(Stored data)
_ _ _

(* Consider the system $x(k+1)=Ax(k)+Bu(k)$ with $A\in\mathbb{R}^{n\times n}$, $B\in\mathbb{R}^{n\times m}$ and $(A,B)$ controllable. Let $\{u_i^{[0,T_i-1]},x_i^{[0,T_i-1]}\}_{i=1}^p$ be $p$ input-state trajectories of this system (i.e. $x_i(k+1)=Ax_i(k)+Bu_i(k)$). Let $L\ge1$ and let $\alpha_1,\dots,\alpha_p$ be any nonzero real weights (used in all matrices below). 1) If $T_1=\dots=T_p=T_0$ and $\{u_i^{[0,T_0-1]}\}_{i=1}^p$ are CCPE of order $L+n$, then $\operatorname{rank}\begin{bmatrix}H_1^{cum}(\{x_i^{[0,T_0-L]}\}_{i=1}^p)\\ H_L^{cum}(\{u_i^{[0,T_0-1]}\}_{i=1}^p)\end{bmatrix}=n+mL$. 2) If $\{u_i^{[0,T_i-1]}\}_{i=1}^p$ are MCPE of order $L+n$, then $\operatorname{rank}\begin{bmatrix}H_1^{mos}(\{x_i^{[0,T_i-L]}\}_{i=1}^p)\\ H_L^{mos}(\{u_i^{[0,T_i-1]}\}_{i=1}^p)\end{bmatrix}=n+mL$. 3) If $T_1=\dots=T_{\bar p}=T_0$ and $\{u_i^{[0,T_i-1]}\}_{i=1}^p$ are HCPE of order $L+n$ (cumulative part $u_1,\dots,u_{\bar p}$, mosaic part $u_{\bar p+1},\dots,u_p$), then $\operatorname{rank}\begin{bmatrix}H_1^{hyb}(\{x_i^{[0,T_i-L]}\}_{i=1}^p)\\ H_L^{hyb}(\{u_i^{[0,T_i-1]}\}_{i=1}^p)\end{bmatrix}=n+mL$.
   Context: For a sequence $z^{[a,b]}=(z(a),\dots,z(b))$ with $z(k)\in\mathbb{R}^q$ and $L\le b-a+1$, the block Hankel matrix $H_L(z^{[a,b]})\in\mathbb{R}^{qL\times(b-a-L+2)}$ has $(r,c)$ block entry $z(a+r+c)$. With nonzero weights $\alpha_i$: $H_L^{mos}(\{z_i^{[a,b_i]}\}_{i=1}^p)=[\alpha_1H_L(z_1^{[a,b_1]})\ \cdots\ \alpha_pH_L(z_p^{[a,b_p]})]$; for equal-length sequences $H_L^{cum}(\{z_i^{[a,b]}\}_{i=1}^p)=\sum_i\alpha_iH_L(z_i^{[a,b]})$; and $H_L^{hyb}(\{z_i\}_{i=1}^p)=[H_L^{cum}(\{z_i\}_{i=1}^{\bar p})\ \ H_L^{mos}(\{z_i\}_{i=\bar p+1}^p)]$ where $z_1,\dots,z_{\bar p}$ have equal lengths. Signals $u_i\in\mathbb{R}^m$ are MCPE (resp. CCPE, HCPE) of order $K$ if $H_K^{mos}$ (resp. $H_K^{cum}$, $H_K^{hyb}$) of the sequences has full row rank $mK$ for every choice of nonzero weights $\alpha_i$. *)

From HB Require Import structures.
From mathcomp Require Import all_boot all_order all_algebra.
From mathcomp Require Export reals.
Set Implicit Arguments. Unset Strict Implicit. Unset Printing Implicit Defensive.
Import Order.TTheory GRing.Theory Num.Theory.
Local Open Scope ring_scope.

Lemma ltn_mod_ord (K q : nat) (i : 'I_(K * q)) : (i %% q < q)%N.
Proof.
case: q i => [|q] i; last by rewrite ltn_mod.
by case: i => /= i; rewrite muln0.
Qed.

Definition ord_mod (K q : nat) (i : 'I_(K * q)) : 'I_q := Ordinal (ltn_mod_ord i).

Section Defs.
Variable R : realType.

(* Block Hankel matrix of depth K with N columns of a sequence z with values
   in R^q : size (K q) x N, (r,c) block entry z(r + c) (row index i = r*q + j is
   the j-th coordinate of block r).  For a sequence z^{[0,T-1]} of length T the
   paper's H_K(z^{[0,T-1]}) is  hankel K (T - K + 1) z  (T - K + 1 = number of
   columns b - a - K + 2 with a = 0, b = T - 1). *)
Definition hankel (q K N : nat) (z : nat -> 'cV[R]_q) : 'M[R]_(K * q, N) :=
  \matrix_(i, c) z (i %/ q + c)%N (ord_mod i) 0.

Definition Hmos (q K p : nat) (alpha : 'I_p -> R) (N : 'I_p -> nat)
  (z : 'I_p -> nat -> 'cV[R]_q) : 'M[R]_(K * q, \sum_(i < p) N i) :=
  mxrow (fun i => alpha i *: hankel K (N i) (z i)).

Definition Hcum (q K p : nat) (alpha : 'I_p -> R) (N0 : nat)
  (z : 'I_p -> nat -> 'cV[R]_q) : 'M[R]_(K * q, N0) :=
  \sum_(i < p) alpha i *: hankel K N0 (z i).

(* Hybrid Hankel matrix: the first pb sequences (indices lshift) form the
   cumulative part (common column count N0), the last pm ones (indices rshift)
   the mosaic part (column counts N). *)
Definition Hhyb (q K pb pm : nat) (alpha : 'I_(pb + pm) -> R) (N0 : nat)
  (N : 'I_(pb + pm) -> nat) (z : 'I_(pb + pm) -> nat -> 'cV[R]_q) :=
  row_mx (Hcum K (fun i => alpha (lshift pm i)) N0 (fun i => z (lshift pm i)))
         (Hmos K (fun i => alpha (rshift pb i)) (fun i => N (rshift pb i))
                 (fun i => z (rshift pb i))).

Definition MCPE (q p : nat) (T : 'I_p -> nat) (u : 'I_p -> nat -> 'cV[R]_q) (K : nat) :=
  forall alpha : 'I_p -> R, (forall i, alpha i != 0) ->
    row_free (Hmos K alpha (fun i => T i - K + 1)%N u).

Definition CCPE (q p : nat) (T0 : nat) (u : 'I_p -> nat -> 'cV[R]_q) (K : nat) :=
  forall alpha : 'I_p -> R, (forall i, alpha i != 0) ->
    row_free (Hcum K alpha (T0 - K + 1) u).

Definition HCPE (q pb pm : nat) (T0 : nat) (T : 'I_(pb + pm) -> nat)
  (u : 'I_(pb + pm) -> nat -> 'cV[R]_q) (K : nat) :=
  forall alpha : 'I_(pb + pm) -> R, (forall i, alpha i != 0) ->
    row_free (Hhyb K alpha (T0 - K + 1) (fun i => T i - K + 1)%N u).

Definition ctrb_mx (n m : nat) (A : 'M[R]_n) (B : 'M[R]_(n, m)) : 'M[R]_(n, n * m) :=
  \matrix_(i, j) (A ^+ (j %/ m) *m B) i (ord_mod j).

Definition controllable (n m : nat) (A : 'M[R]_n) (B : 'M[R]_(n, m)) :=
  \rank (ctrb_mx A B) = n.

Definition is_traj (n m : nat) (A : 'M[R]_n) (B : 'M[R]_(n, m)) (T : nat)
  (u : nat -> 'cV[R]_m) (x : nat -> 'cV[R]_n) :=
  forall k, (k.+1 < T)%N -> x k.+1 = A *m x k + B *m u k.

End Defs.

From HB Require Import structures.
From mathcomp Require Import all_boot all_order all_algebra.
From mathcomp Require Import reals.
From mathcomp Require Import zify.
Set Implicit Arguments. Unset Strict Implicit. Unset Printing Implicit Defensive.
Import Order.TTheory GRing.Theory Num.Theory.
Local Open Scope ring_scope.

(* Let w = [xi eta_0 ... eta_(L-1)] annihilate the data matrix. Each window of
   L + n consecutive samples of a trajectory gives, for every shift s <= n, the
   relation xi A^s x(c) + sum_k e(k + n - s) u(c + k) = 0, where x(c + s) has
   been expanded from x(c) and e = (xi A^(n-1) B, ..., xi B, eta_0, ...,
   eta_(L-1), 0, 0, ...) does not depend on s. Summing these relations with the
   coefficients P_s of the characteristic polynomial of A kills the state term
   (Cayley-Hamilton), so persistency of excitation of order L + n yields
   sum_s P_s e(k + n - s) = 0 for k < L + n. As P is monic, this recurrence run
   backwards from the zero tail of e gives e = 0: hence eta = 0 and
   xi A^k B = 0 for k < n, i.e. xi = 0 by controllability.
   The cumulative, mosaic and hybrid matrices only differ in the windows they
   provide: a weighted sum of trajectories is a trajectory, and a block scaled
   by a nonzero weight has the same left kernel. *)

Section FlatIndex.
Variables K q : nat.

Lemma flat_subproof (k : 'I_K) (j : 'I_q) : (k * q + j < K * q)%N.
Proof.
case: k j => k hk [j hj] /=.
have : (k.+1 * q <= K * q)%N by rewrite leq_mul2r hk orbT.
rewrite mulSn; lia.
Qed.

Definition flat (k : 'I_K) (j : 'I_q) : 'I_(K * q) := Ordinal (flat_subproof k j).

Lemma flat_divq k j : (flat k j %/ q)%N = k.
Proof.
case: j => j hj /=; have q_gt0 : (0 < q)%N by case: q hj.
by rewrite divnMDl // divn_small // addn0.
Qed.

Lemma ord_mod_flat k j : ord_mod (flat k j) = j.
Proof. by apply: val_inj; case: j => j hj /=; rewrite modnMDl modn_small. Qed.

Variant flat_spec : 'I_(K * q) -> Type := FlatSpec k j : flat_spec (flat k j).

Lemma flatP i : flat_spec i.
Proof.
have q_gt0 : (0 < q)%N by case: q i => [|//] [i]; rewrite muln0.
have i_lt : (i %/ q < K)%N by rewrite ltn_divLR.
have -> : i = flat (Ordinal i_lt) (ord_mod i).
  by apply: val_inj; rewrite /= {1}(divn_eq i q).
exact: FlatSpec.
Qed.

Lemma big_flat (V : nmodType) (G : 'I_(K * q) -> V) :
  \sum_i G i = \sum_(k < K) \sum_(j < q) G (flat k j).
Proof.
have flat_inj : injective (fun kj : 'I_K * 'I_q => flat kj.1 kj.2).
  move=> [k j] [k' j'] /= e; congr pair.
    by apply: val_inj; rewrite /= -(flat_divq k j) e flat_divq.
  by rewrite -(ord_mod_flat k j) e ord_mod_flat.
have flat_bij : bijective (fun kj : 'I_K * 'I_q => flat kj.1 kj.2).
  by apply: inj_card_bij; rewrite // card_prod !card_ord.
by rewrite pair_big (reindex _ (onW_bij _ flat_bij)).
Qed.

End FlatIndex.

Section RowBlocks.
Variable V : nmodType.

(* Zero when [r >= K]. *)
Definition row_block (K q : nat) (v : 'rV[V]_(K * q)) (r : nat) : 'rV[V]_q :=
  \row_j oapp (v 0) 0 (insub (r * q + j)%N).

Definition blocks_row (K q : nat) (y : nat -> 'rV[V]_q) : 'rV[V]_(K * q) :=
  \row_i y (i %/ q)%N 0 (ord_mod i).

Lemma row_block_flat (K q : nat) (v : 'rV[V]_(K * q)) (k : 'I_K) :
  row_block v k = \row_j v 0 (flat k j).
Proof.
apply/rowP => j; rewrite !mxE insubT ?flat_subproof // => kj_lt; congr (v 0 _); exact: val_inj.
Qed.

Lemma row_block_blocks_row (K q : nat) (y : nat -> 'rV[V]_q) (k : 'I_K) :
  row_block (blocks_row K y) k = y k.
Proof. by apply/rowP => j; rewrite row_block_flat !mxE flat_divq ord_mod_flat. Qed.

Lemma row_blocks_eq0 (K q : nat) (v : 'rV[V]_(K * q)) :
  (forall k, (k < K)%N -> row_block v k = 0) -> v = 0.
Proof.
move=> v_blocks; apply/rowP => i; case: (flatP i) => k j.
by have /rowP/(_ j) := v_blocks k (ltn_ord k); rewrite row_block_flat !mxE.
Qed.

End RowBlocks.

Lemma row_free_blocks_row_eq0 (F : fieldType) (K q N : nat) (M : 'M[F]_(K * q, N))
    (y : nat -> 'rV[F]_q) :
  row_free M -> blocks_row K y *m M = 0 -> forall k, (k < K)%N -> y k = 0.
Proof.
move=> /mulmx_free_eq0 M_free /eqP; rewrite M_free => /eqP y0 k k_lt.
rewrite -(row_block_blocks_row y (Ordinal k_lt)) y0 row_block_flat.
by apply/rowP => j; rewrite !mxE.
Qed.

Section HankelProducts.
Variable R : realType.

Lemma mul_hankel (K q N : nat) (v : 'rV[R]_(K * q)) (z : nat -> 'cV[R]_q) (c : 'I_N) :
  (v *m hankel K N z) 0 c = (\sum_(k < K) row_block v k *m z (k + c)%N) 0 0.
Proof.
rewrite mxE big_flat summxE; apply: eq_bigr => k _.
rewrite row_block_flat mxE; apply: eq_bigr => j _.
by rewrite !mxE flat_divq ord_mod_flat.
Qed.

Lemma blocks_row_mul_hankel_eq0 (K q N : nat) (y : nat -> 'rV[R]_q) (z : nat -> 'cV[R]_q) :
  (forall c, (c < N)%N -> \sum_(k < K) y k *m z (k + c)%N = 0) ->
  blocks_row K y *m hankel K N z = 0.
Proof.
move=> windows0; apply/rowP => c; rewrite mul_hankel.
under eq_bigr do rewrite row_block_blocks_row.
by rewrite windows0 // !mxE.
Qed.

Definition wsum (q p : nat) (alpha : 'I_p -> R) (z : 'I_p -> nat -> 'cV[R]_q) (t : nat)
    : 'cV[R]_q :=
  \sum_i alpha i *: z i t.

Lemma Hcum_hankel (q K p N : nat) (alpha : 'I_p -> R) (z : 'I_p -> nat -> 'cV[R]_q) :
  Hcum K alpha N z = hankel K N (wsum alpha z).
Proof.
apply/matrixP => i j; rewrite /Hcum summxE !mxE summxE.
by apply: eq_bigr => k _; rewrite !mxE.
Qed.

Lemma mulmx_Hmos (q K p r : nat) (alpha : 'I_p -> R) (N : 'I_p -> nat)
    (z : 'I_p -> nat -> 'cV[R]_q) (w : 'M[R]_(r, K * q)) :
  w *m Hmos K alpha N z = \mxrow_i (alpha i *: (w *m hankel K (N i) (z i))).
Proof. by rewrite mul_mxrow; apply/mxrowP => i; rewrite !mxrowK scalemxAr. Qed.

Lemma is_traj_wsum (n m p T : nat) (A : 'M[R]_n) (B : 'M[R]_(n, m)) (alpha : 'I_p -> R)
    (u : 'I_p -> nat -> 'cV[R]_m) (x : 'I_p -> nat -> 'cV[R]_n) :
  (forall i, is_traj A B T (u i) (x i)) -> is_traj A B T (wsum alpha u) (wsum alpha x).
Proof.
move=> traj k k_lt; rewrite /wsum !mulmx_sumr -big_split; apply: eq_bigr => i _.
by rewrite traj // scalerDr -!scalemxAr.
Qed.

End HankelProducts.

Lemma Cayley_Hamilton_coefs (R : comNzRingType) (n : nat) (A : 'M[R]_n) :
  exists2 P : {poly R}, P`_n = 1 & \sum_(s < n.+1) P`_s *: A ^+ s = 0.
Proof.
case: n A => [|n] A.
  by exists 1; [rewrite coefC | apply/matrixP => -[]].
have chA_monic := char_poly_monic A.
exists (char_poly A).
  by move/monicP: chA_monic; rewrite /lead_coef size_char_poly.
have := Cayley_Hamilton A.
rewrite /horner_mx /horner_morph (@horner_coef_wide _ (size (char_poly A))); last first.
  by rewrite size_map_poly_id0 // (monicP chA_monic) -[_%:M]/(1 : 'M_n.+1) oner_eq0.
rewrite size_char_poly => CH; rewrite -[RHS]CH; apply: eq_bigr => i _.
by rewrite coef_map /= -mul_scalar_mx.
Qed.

_ _ _

About this exercise: For the string "move", give the number of lines in the data that contain it, and only that number.

Exercise result: 6